Given the essentially narcissistic nature of Hollywood, it's hardly surprising that the movie industry regularly turns its cameras on itself. From the very earliest days of moviemaking until today, filmmakers have consistently ranked themselves among their own favorite subjects.
Naturally, a great many of these movies have tended to revolve around the major studios, those massive, venerable old temples of the Hollywood mystique. Occasionally, however, a film is made about the moviemakers who exist on the fringes of the Hollywood system. Without access to the money and resources of the majors, these guerrilla filmmakers have elevated cutting corners to an art form unto itself. That's the sort of filmmaking that is celebrated in "Bowfinger," the new comedy from the pen of Steve Martin.
Although "Bowfinger" is a bit off the beaten track for a Hollywood self-portrait, it is by no means the first film to dramatize the world of low-budget cinema. For a sampling of how earlier filmmakers have portrayed their low rent colleagues, look for these titles on home video.
"365 Nights in Hollywood" (1934). Alice Faye stars as an ambitious youngster trying to make it in Hollywood.

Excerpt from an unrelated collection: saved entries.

(* Induction on the number of poles below [t], cutting at the last one. *)
Lemma eigen_count_below t :
  0 < t <= k -> no_pole m l t ->
  eigen_count m l 0 (t ^ 2) (poles_below m l t + ind_pos (secular m l t)).
Proof.
  remember (poles_below m l t) as q eqn:Hq. revert t Hq.
  induction q as [q IH] using lt_wf_ind. intros t Hq Ht Hnp. subst q.
  destruct (classic (exists i, (i < m)%nat /\ PI / 2 < t * l i)) as [Hex | Hno].
  2:{ apply count_without_poles; auto. intros i Hi H. apply Hno. eauto. }
  destruct (last_pole_below t ltac:(lra) Hnp Hex) as [nu [j [Hj [Hpj [Hnu Hafter]]]]].
  destruct (isolated_pole nu j ltac:(lra) Hj Hpj) as [s [e [Hs [He [Hbefore [HFs Hright]]]]]].
  assert (Hsplit := poles_below_across s nu t Hs ltac:(lra) Hbefore Hafter).
  destruct (filter (poleb nu l) (seq 0 m)) as [|j0 js] eqn:HP.
  { exfalso. assert (Hin : In j (filter (poleb nu l) (seq 0 m))).
    { apply filter_In. split; [apply in_seq; lia |]. unfold poleb.
      destruct (Req_dec_T (nu * l j) (PI / 2)); [reflexivity | contradiction]. }
    rewrite HP in Hin. exact Hin. }
  assert (HS : eigen_count m l 0 (s ^ 2) (poles_below m l s + 1)).
  { assert (Hind : ind_pos (secular m l s) = 1%nat)
      by (unfold ind_pos; destruct (Rlt_dec 0 (secular m l s)); [reflexivity | lra]).
    rewrite <- Hind at 2.
    apply (IH (poles_below m l s));
      [simpl in Hsplit; lia | reflexivity | lra | apply Hbefore; lra]. }
  replace (poles_below m l t + ind_pos (secular m l t))%nat
    with (poles_below m l s + 1 + (0 + (length js + ind_pos (secular m l t))))%nat
    by (simpl in Hsplit; lia).
  apply eigen_count_app with (s ^ 2); [apply pow_le; lra | apply pow_incr; lra | exact HS |].
  apply (eigen_count_freq_app m l s nu t); [lra | lra | |].
  - apply count_before_pole; auto; lra.
  - apply (count_from_pole nu t j0 js e); auto; lra.
Qed.

Lemma spectral_position_at_root :
  0 < k -> no_pole m l k -> secular m l k = 0 -> spectral_position m l k (poles_below m l k).
Proof.
  intros Hk Hnp HF. pose proof (eigen_count_below k ltac:(lra) Hnp) as H.
  unfold ind_pos in H. rewrite HF in H. destruct (Rlt_dec 0 0); [lra |].
  rewrite Nat.add_0_r in H. exact H.
Qed.

End StarSpectrum.

Lemma short_edges m l k f :
  (forall i, (i < m)%nat -> 0 < l i) -> 0 < k -> eig_solution m l (k ^ 2) f ->
  (forall i, (i < m)%nat -> - Derive (f i) (l i) <> 0) -> no_neumann_points m l f ->
  forall i, (i < m)%nat -> k * l i < PI.
Proof.
  intros Hl Hk Hf Hfd Hnn i Hi. pose proof (Hl i Hi). pose proof PI_RGT_0.
  destruct (eig_solution_cos m l k f ltac:(intros j Hj; left; auto) Hf) as [Hcos _].
  destruct (Rlt_or_le (k * l i) PI) as [|Hge]; [assumption | exfalso].
  (* [f i] has a critical point at [PI / k], which lies in [(0, l i]] *)
  assert (Hx : 0 < PI / k <= l i).
  { split; [apply Rdiv_lt_0_compat; lra |].
    apply (Rmult_le_reg_l k); [lra |]. replace (k * (PI / k)) with PI by (field; lra). lra. }
  assert (Hcrit : Derive (f i) (PI / k) = 0).
  { rewrite (proj2 (Hcos i (PI / k) Hi ltac:(lra))). replace (k * (PI / k)) with PI by (field; lra).
    rewrite sin_PI. ring. }
  destruct (Req_dec (PI / k) (l i)) as [E|E].
  - apply (Hfd i Hi). rewrite <- E, Hcrit. ring.
  - apply (Hnn i (PI / k)). repeat split; auto; lra.
Qed.

Lemma secular_root_of_eigenfunction m l k f :
  (0 < m)%nat -> (forall i, (i < m)%nat -> 0 <= l i) -> 0 < k -> eig_solution m l (k ^ 2) f ->
  (forall i, (i < m)%nat -> f i 0 <> 0) -> (forall i, (i < m)%nat -> f i (l i) <> 0) ->
  no_pole m l k /\ secular m l k = 0.
Proof.
  intros Hm Hl Hk Hf Hf0 Hfl.
  destruct (eig_solution_cos m l k f Hl Hf) as [Hform Hamp].
  assert (Hcos : forall i, (i < m)%nat -> cos (k * l i) <> 0).
  { intros i Hi E. apply (Hfl i Hi). specialize (Hl i Hi).
    rewrite (proj1 (Hform i (l i) Hi ltac:(lra))), E. ring. }
  split; [intros i Hi E; apply (Hcos i Hi); rewrite E; apply cos_PI2 |].
  destruct (amplitude_conditions_regular m l k _ Hm Hcos Hamp) as [_ H0].
  apply Rmult_integral in H0 as [H0 | H0]; [exfalso | exact H0].
  apply Rmult_integral in H0 as [H0 | H0]; [| lra].
  apply Rmult_integral in H0 as [H0 | H0]; [exact (Hf0 0%nat Hm H0) | exact (Hcos 0%nat Hm H0)].
Qed.

Lemma generic_eigenfunction_of_secular_root m l k :
  star_graph m l -> 0 < k -> (forall i, (i < m)%nat -> k * l i < PI) ->
  no_pole m l k -> secular m l k = 0 ->
  generic_eigenfunction m l (k ^ 2) (fun i x => / cos (k * l i) * cos (k * x)) /\
  no_neumann_points m l (fun i x => / cos (k * l i) * cos (k * x)).
Proof.
  intros [Hm2 Hl] Hk Hkl Hnp HF. assert (Hm : (0 < m)%nat) by lia.
  assert (Hcos : forall i, (i < m)%nat -> cos (k * l i) <> 0)
    by (apply (cos_no_pole m l k); auto; lra).
  assert (Hinv : forall i, (i < m)%nat -> / cos (k * l i) <> 0)
    by (intros; apply Rinv_neq_0_compat; auto).
  assert (Hsin : forall i x, (i < m)%nat -> 0 < x <= l i -> 0 < sin (k * x)).
  { intros i x Hi Hx. specialize (Hkl i Hi). apply sin_gt_0; nra. }
  assert (Hamp : amplitude_conditions m l k (fun i => / cos (k * l i))).
  { split.
    - intros i j Hi Hj. rewrite !Rinv_l; auto.
    - transitivity (k * secular m l k); [| rewrite HF; ring].
      unfold secular. rewrite <- sumR_scal_l.
      apply sumR_ext. intros i Hi. unfold tan. field. auto. }
  assert (HD : forall i x, Derive (fun y => / cos (k * l i) * cos (k * y)) x
                           = - / cos (k * l i) * k * sin (k * x))
    by (intros; apply Derive_scal_cos).
  split; [split; [split; [apply eig_solution_of_amplitudes, Hamp |] |
                  split; [| split; [| split]]] |].
  - exists 0%nat, 0. split; [exact Hm | split; [pose proof (Hl 0%nat Hm); lra |]].
    rewrite Rmult_0_r, cos_0, Rmult_1_r. auto.
  - apply multiplicity_regular_root; auto. intros i Hi. left. auto.
  - intros i Hi. rewrite Rmult_0_r, cos_0, Rmult_1_r. auto.
  - intros i Hi. rewrite Rinv_l by auto. apply R1_neq_R0.
  - intros i Hi. rewrite HD. specialize (Hsin i (l i) Hi ltac:(pose proof (Hl i Hi); lra)).
    replace (- (- / cos (k * l i) * k * sin (k * l i)))
      with (/ cos (k * l i) * k * sin (k * l i)) by ring.
    repeat apply Rmult_integral_contrapositive_currified; auto; lra.
  - intros i x [Hi [Hx E]]. rewrite HD in E. specialize (Hsin i x Hi ltac:(lra)).
    apply Rmult_integral in E as [E | E]; [| lra].
    apply Rmult_integral in E as [E | E]; [| lra]. apply (Hinv i Hi). lra.
Qed.

Section Reflection.

Variables (m : nat) (l : nat -> R) (k : R).
Hypothesis Hk : 0 < k.

Let l' i := PI / k - l i.

Lemma reflected_angle i : k * l' i = PI - k * l i.
Proof. unfold l'. field. lra. Qed.

(* [tan (PI - x) = - tan x]: reflection flips the secular function and preserves its roots. *)
Lemma reflected_secular_root :
  (forall i, (i < m)%nat -> 0 < l i) -> (forall i, (i < m)%nat -> k * l i < PI) ->
  no_pole m l k -> secular m l k = 0 ->
  (forall i, (i < m)%nat -> 0 < l' i) /\ (forall i, (i < m)%nat -> k * l' i < PI) /\
  no_pole m l' k /\ secular m l' k = 0.
Proof.
  intros Hl Hkl Hnp HF.
  assert (Hangle : forall i, (i < m)%nat -> 0 < k * l' i < PI).
  { intros i Hi. rewrite reflected_angle. specialize (Hkl i Hi). specialize (Hl i Hi). nra. }
  split; [intros i Hi; specialize (Hangle i Hi); nra |].
  split; [intros i Hi; apply Hangle, Hi |].
  split; [intros i Hi E; rewrite reflected_angle in E; apply (Hnp i Hi); lra |].
  transitivity (- secular m l k); [| rewrite HF; ring].
  unfold secular. rewrite <- sumR_opp. apply sumR_ext. intros i _.
  rewrite reflected_angle. apply tan_PI_minus.
Qed.

Lemma poles_below_reflected :
  no_pole m l k -> (poles_below m l k + poles_below m l' k)%nat = m.
Proof.
  intros Hnp. unfold poles_below.
  rewrite <- (length_seq m 0) at 3.
  rewrite <- (filter_length
                (fun i => if Rlt_dec (PI / 2) (k * l i) then true else false) (seq 0 m)).
  do 2 f_equal. apply filter_ext_in. intros i Hi. apply in_seq in Hi.
  specialize (Hnp i ltac:(lia)). rewrite reflected_angle.
  destruct (Rlt_dec (PI / 2) (k * l i)), (Rlt_dec (PI / 2) (PI - k * l i)); simpl; auto; lra.
Qed.

Lemma wavelength_capacity_reflected :
  wavelength_capacity m l k + wavelength_capacity m l' k = INR m.
Proof.
  assert (Hlen : total_length m l + total_length m l' = INR m * (PI / k)).
  { unfold total_length, l'. rewrite <- sumR_plus, <- sumR_const. apply sumR_ext. intros. ring. }
  pose proof PI_RGT_0. unfold wavelength_capacity.
  replace (total_length m l) with (INR m * (PI / k) - total_length m l') by lra.
  field. lra.
Qed.

End Reflection.

Theorem lemma3p2 (m : nat) (l : nat -> R) (k : R) (f : nat -> R -> R) :
  star_graph m l ->
  0 < k ->
  generic_eigenfunction m l (k ^ 2) f ->
  no_neumann_points m l f ->
  exists (m' : nat) (l' : nat -> R),
    star_graph m' l' /\
    num_boundary m = num_boundary m' /\
    (exists f' : nat -> R -> R,
        generic_eigenfunction m' l' (k ^ 2) f' /\
        no_neumann_points m' l' f') /\
    (exists n n' : nat,
        spectral_position m l k n /\ spectral_position m' l' k n' /\
        (n + n')%nat = num_boundary m) /\
    wavelength_capacity m l k + wavelength_capacity m' l' k = INR (num_boundary m).
Proof.
  intros [Hm2 Hl] Hk [[Hf _] [_ [Hf0 [Hfl Hfd]]]] Hnn.
  assert (Hm : (0 < m)%nat) by lia.
  assert (Hkl := short_edges m l k f Hl Hk Hf Hfd Hnn).
  destruct (secular_root_of_eigenfunction m l k f Hm ltac:(intros i Hi; left; auto) Hk Hf Hf0 Hfl)
    as [Hnp HF].
  set (l' := fun i => PI / k - l i).
  destruct (reflected_secular_root m l k Hk Hl Hkl Hnp HF) as [Hl' [Hkl' [Hnp' HF']]].
  exists m, l'. split; [split; auto | split; [reflexivity | split; [| split]]].
  - eexists. apply generic_eigenfunction_of_secular_root; auto. split; auto.
  - exists (poles_below m l k), (poles_below m l' k).
    split; [| split];
      [apply spectral_position_at_root; auto .. | apply poles_below_reflected; auto].
  - apply wavelength_capacity_reflected, Hk.
Qed.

Her big break comes when the head of her acting school receives financing to make a low budget picture and gives her a leading role. The only problem is that the school is a fake and so is its headmaster. He structures the deal so that if the picture doesn't get made the money will go to him, then hires a has-been alcoholic director to make the film. The story of a producer actively sabotaging his own project at every turn will not be unfamiliar to anyone who has worked in the movie industry.
"Targets" (1968). Writer-director Peter Bogdanovich, who was, at the time, a young, low budget filmmaker, needed someone to play a young, low budget filmmaker. Not unreasonably, he played the part himself. As director Sammy Michaels, Bogdanovich tries to persuade aging horror film star Byron Orlok (Boris Karloff, also essentially playing himself) to make one last horror picture with him. Orlok demurs, saying that the newspapers are full of actual horrors that far surpass anything he portrayed on the screen. While making a personal appearance at a drive-in in connection with one of his films, Orlok confronts one of those real-life horrors in the person of a crazed gunman on a killing spree.
"Hearts of the West" (1975). In the early studio days of Hollywood, the major studios ruled the roost with their elaborate, expansive backlots. The smaller studios, the ones who made B-pictures, mostly occupied tiny, run-down buildings along Gower Street near Sunset Boulevard. This area came to be known as "Poverty Row," or, because so many of the studios made B-Westerns, "Gower Gulch." "Hearts of the West" lovingly recreates the "Gower Gulch" days by following the misadventures of an aspiring Western pulp fiction writer named Lewis Tater (Jeff Bridges). When he is helped out of a jam by a company shooting Westerns on a shoestring, Lewis takes a job with them as a stuntman and extra.
"Hollywood Boulevard" (1976). Like Bogdanovich and dozens of other talented filmmakers, director Joe Dante began his career working for Roger Corman, Hollywood's "King of the B's." In "Hollywood Boulevard," Dante and co-director Allan Arkush parody the Corman style in a comedy made for Corman himself. Make no mistake, this is definitely an example of the very type of schlock film being spoofed. Still, for fans of that sort of material this affectionate take-off offers lots of clever references and in-jokes.
You can't currently obtain a new copy of "Hollywood Boulevard," as the video release has been put on hiatus, but the corner video store may well have a copy for rent. If not, look for "Hollywood Boulevard II" (1989). Not so much a sequel as a loose remake, it wasn't directed by Dante, who has since moved on to more lucrative and respectable assignments. Even so, it still retains the same sense of fun, as well as the same basic affection for low budget filmmaking.
And why not? As disreputable and fly-by-night as it is, shoestring filmmaking is where they all started out. No one is going to trust a green, untested kid with a multimillion dollar epic until he's cut his teeth on a few cheesy, no-budget exploitation flicks. Not in real life anyway. Everyone knows that sort of thing only happens in the movies.